> _Source records_:
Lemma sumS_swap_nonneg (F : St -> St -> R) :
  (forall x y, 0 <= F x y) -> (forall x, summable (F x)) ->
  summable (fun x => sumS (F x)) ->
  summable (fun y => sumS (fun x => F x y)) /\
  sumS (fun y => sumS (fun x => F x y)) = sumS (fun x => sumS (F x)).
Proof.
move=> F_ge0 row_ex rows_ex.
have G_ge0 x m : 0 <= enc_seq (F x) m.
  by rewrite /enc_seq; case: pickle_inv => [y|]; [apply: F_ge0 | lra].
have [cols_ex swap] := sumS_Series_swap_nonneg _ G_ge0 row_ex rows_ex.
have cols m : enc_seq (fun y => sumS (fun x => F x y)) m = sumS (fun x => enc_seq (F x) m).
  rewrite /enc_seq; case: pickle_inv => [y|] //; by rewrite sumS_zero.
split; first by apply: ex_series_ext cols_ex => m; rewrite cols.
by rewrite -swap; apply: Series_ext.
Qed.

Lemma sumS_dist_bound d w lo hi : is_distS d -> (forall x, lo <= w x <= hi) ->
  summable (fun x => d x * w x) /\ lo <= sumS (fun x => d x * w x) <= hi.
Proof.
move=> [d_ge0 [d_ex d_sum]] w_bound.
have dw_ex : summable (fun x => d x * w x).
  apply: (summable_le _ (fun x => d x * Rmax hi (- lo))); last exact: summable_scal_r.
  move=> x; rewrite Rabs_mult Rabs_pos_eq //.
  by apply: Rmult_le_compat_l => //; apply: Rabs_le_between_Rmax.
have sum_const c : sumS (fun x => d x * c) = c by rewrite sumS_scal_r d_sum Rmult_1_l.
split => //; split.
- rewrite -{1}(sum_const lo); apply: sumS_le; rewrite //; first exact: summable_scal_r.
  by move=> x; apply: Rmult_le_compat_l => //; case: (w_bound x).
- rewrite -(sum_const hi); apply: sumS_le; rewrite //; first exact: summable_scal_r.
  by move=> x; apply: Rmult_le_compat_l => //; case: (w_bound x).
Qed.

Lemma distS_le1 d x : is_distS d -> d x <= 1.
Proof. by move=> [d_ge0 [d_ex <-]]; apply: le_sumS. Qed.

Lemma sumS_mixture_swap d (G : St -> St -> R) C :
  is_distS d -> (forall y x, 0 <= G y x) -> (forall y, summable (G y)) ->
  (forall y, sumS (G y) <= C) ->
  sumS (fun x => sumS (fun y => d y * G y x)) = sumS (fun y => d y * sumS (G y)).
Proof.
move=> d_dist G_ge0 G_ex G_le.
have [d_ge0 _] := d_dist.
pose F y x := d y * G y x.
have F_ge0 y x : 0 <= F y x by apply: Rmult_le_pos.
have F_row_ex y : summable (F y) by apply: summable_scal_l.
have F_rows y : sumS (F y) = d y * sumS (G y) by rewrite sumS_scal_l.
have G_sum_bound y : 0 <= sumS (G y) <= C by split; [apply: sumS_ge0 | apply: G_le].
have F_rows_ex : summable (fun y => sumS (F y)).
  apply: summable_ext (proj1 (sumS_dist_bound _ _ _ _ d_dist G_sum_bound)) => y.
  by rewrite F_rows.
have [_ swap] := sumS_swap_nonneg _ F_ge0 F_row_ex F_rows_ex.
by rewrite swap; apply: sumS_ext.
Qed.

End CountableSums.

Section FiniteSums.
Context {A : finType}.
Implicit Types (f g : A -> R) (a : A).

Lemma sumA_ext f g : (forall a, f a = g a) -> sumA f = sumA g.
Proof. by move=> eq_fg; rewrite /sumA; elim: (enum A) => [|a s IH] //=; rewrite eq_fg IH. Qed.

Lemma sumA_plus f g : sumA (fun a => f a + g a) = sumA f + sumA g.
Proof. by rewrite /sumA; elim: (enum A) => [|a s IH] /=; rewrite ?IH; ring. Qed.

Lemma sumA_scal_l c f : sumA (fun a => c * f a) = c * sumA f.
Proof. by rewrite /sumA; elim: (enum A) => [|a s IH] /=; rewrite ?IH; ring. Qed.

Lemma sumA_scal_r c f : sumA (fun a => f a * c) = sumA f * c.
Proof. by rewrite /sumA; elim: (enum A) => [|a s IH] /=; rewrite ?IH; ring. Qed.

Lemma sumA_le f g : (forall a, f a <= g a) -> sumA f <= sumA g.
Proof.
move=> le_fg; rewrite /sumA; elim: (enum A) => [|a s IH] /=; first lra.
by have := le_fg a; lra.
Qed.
--
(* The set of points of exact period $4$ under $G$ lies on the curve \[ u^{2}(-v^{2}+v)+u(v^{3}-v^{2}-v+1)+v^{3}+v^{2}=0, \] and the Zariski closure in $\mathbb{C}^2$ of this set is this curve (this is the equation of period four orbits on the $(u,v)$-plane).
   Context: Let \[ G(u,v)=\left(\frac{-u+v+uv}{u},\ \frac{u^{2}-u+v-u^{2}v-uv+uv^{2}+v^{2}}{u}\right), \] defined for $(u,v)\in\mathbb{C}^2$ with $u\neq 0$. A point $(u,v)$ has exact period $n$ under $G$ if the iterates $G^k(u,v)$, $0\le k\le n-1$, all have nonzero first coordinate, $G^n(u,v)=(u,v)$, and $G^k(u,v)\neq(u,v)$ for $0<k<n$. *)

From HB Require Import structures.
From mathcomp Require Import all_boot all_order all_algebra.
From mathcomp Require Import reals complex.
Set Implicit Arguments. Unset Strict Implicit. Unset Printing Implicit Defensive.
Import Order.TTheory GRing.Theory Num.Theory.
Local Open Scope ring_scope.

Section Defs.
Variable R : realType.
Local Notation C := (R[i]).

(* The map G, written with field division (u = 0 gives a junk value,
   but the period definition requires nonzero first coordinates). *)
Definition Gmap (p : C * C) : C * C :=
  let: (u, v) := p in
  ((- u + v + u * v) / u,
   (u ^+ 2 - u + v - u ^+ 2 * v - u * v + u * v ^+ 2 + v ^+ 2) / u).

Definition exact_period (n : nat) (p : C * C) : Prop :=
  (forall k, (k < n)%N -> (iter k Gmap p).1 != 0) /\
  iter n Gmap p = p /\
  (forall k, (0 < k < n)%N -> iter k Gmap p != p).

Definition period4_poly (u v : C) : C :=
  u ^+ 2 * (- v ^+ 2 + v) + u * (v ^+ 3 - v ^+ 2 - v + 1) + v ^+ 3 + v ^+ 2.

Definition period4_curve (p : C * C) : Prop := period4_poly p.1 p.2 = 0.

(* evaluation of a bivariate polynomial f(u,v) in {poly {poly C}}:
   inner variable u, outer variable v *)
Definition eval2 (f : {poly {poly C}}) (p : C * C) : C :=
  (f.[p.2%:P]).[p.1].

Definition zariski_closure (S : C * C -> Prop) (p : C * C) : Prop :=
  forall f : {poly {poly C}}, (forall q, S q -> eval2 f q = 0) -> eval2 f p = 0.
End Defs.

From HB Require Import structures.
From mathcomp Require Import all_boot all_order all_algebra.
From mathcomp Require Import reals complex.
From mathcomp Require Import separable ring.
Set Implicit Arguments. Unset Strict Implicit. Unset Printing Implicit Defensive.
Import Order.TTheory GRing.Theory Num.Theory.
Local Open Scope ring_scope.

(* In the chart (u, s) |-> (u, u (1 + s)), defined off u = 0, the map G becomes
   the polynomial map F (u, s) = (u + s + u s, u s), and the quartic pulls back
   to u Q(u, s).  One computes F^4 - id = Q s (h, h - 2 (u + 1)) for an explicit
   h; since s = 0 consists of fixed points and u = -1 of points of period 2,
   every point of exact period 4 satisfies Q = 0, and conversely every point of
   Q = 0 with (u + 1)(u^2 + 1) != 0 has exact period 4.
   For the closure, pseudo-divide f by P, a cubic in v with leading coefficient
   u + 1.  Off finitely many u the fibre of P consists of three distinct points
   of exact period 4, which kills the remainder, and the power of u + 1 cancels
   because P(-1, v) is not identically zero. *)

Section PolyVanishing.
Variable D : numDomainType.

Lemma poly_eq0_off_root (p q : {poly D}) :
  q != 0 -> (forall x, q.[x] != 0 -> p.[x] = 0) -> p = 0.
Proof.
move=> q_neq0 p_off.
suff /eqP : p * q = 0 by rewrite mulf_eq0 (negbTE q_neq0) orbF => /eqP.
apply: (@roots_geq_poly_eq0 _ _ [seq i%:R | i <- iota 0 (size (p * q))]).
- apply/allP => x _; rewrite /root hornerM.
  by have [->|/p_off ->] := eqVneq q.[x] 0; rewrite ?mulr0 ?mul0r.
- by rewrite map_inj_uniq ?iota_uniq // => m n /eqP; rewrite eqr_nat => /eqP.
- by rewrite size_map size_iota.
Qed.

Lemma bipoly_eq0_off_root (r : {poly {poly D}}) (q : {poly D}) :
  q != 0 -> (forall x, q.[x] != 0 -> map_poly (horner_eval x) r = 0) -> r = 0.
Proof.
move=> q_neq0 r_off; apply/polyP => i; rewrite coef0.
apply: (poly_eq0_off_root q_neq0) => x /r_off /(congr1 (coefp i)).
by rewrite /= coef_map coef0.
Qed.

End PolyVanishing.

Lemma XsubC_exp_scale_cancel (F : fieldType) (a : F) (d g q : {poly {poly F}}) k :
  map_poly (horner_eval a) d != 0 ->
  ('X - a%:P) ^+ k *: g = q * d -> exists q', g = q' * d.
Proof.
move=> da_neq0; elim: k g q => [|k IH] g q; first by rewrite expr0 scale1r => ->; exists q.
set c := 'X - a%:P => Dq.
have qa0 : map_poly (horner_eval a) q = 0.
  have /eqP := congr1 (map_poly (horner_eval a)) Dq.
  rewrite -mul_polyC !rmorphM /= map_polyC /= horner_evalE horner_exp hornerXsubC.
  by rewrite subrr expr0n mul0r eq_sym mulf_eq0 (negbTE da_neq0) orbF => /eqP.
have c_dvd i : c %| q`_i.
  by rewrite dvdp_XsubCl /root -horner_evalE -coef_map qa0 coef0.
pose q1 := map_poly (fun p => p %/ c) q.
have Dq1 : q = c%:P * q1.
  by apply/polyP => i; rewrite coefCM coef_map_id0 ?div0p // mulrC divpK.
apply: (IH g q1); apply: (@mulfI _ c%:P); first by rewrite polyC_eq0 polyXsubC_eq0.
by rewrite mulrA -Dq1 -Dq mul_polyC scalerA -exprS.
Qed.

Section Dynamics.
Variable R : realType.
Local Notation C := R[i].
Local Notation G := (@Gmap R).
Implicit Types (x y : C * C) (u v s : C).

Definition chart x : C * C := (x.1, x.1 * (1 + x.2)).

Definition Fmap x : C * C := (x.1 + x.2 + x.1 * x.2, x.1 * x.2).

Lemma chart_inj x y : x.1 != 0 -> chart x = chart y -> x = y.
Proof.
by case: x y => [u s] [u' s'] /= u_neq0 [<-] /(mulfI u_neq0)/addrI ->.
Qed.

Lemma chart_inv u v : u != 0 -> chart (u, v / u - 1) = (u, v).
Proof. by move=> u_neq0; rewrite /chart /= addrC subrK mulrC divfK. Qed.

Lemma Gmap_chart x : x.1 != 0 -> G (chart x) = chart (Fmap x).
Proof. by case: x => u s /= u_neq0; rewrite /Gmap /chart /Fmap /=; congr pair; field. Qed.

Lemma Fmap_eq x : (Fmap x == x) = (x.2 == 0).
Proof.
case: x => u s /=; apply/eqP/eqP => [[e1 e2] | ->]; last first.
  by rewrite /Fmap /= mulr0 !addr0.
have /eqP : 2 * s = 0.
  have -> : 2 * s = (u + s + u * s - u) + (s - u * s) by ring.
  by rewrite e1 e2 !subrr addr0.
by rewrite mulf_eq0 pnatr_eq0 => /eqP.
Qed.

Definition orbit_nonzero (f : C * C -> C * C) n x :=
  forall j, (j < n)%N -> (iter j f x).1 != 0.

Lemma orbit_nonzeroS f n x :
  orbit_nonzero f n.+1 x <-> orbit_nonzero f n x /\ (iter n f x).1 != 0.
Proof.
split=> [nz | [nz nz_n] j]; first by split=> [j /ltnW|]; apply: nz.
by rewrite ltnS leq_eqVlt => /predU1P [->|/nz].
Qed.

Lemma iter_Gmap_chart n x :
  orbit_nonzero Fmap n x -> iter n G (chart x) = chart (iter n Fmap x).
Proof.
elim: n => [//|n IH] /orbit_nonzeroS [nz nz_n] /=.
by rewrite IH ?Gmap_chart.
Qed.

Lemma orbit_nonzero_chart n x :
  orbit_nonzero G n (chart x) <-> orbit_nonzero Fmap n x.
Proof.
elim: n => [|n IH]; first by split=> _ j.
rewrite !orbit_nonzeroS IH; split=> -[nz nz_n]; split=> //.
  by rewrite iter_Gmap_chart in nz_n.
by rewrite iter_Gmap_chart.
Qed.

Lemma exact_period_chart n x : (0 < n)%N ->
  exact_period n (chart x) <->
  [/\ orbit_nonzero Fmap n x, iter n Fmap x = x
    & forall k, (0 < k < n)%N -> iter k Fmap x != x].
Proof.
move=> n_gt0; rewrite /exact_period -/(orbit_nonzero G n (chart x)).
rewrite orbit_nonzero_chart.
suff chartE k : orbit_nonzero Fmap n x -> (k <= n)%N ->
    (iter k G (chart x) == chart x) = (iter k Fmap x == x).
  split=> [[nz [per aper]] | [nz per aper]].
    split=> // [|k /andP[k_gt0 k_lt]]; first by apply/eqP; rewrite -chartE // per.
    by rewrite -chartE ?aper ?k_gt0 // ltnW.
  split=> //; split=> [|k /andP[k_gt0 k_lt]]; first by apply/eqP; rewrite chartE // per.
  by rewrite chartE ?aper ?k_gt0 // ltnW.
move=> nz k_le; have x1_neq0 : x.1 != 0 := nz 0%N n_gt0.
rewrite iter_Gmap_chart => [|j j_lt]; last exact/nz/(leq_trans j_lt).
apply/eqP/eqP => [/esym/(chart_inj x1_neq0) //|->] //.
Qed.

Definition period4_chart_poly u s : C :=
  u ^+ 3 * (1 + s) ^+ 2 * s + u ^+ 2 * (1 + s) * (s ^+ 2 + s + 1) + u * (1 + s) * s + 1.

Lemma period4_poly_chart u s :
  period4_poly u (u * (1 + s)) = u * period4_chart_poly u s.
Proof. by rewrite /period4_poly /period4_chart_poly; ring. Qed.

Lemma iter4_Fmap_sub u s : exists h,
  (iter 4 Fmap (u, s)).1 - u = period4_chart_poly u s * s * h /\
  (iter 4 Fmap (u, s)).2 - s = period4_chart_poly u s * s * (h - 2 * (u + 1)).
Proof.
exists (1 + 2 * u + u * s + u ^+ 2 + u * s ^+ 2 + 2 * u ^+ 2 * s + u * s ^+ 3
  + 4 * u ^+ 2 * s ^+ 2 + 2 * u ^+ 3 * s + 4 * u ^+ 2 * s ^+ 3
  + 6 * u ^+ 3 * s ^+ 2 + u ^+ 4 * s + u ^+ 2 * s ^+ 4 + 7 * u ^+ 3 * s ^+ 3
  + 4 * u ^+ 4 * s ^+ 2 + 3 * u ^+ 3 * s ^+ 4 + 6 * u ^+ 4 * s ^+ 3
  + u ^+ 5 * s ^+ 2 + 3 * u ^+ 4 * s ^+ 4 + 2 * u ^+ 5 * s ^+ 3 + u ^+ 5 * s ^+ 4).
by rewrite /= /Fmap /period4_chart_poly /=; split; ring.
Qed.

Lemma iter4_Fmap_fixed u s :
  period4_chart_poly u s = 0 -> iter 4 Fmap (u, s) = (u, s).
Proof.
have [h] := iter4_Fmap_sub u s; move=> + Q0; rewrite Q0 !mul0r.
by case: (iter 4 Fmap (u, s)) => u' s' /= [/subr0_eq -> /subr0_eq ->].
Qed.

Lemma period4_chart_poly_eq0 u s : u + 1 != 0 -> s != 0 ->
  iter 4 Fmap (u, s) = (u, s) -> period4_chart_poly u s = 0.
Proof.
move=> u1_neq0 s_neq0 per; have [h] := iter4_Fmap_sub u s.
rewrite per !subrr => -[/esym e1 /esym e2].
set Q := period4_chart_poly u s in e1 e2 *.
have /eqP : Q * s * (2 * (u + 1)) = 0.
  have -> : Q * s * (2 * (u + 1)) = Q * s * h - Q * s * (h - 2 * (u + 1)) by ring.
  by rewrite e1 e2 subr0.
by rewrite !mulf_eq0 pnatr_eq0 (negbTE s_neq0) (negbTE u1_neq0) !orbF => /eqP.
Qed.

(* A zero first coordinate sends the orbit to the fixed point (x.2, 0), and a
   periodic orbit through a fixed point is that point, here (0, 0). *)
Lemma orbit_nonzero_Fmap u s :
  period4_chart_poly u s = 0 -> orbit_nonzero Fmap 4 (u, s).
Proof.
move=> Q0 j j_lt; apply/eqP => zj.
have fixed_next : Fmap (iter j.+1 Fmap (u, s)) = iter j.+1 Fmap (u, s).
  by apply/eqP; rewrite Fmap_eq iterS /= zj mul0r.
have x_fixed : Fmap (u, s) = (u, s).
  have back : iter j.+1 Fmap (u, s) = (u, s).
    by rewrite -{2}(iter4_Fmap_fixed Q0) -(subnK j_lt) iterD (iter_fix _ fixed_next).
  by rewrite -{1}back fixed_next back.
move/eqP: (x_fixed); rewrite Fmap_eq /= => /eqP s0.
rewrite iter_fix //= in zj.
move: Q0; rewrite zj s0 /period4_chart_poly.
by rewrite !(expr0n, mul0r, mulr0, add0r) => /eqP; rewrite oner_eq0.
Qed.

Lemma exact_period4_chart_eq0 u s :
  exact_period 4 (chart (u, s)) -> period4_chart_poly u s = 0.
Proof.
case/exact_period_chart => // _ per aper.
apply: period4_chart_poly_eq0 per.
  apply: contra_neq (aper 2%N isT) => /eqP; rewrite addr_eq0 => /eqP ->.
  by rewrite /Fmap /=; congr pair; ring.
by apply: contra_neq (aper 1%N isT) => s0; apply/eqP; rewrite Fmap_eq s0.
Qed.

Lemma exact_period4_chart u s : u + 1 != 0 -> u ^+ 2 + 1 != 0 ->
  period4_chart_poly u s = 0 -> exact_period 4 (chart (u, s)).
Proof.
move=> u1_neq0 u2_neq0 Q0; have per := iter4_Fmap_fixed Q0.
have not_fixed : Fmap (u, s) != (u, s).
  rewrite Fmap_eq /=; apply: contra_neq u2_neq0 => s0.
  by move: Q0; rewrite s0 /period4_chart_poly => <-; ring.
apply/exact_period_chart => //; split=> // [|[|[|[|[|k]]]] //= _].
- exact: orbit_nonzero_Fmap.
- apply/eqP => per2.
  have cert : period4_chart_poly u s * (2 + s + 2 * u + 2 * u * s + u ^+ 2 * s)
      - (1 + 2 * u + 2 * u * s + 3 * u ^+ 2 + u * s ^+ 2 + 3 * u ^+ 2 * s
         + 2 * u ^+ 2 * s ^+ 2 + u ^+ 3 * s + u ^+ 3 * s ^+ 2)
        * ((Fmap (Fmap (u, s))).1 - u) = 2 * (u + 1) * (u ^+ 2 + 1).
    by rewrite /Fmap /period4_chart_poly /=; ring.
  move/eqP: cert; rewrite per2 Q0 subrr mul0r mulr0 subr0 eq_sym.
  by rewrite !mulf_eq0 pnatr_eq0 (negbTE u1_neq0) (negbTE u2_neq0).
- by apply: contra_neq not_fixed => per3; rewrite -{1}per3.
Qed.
---
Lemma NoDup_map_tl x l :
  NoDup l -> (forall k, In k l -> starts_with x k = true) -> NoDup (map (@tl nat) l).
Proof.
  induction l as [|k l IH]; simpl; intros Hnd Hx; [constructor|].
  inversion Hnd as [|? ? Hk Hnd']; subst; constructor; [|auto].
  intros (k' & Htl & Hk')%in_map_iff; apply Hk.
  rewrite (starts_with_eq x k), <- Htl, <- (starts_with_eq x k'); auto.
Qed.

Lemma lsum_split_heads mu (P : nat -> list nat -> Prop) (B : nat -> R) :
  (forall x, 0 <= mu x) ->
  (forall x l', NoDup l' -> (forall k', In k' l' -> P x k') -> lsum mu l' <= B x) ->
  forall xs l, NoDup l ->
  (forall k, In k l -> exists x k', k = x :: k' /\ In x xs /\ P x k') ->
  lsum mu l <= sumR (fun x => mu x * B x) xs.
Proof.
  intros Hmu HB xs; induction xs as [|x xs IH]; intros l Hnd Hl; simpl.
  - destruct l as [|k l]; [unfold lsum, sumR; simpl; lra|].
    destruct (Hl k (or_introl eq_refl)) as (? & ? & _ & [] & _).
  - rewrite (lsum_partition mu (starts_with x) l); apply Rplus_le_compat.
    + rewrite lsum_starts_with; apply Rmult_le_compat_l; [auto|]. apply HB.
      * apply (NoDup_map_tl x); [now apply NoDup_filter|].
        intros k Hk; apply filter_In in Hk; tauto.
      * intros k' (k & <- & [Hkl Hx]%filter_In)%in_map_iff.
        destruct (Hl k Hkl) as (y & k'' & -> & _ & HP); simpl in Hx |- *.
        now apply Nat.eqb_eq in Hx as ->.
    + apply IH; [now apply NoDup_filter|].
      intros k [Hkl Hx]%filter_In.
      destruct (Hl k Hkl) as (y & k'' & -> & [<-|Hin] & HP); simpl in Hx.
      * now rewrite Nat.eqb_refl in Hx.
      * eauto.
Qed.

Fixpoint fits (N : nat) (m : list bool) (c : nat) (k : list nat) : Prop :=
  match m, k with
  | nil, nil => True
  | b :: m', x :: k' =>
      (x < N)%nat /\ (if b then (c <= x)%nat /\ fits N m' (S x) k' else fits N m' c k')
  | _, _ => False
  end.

> _What to do_: Please transcribe only the lines in the records above running from the line that has "have /eqP : Q * s * (2 * (u + 1)) = 0." through the line that has "have back : iter j.+1 Fmap (u, s) = (u, s).", both included, exactly as they appear.

> _Solution for this problem_:
have /eqP : Q * s * (2 * (u + 1)) = 0.
  have -> : Q * s * (2 * (u + 1)) = Q * s * h - Q * s * (h - 2 * (u + 1)) by ring.
  by rewrite e1 e2 subr0.
by rewrite !mulf_eq0 pnatr_eq0 (negbTE s_neq0) (negbTE u1_neq0) !orbF => /eqP.
Qed.

(* A zero first coordinate sends the orbit to the fixed point (x.2, 0), and a
   periodic orbit through a fixed point is that point, here (0, 0). *)
Lemma orbit_nonzero_Fmap u s :
  period4_chart_poly u s = 0 -> orbit_nonzero Fmap 4 (u, s).
Proof.
move=> Q0 j j_lt; apply/eqP => zj.
have fixed_next : Fmap (iter j.+1 Fmap (u, s)) = iter j.+1 Fmap (u, s).
  by apply/eqP; rewrite Fmap_eq iterS /= zj mul0r.
have x_fixed : Fmap (u, s) = (u, s).
  have back : iter j.+1 Fmap (u, s) = (u, s).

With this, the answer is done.